* **Information given**:

+ + + +

(* Consider a slotted system with diversity. There are $N$ users, $N_{sub}\ge2$ sub-carriers and slots $1,\dots,T$, where $0<\alpha<1$, $\alpha T\in\mathbb Z$ and $(1-\alpha)T$ is even. The BS uses pmfs $\mathbf p$ on users and $\mathbf q$ on sub-carriers: in every slot, independently, it chooses user $i$ with probability $p_i$ and sub-carrier $j$ with probability $q_j$, and transmits to that user on that sub-carrier. An adversarial blocking matrix is $\sigma\in\{0,1\}^{N_{sub}\times T}$, where $\sigma_j(t)=0$ means sub-carrier $j$ is blocked in slot $t$. It is feasible if $\sum_{j,t}(1-\sigma_j(t))\le\alpha T$ and at most one sub-carrier is blocked per slot. Ages satisfy $a_i(1)=1$, $a_i(t+1)=1$ if user $i$ is chosen in slot $t$ on an unblocked sub-carrier, and $a_i(t+1)=a_i(t)+1$ otherwise. The payoff is $\Delta^{\mathbf p,\mathbf q,\sigma}=\frac1T\sum_{t=1}^T\frac1N\sum_i\mathbb E[a_i(t)]$; the BS minimizes it and the adversary maximizes it. Let $\sigma'$ be the adversarial strategy that, in each slot $t\in\{\frac{(1-\alpha)T}2+1,\dots,\frac{(1+\alpha)T}2\}$, blocks one sub-carrier chosen uniformly at random (independently), and blocks nothing in other slots. Let $\bar{\mathbf p}$ and $\bar{\mathbf q}$ be the uniform pmfs. Then $(\bar{\mathbf p},\bar{\mathbf q},\sigma')$ is a Nash equilibrium. That is: - $(\bar{\mathbf p},\bar{\mathbf q})$ minimizes $\Delta^{\mathbf p,\mathbf q,\sigma'}$ over all pmfs $\mathbf p,\mathbf q$; and - $\sigma'$ attains $\max_{\sigma\text{ feasible}}\Delta^{\bar{\mathbf p},\bar{\mathbf q},\sigma}$.
   Context: The expectation under $\sigma'$ includes the adversary's randomness. *)

From HB Require Import structures.
From mathcomp Require Import all_boot all_order all_algebra.
Set Implicit Arguments. Unset Strict Implicit. Unset Printing Implicit Defensive.
Import Order.TTheory GRing.Theory Num.Theory.
Local Open Scope ring_scope.

Section AoI.
Variables (R : realFieldType) (N Nsub T : nat).

Definition is_pmf (I : finType) (p : I -> R) : Prop :=
  (forall i, 0 <= p i) /\ \sum_i p i = 1.

Definition uniform_pmf (I : finType) : I -> R := fun _ => (#|I|%:R)^-1.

+ + + +

* **Assigned task**:
If a line in the listing holds the word "From", copy it out.

* **Response area**:
From HB Require Import structures.
From mathcomp Require Import all_boot all_order all_algebra.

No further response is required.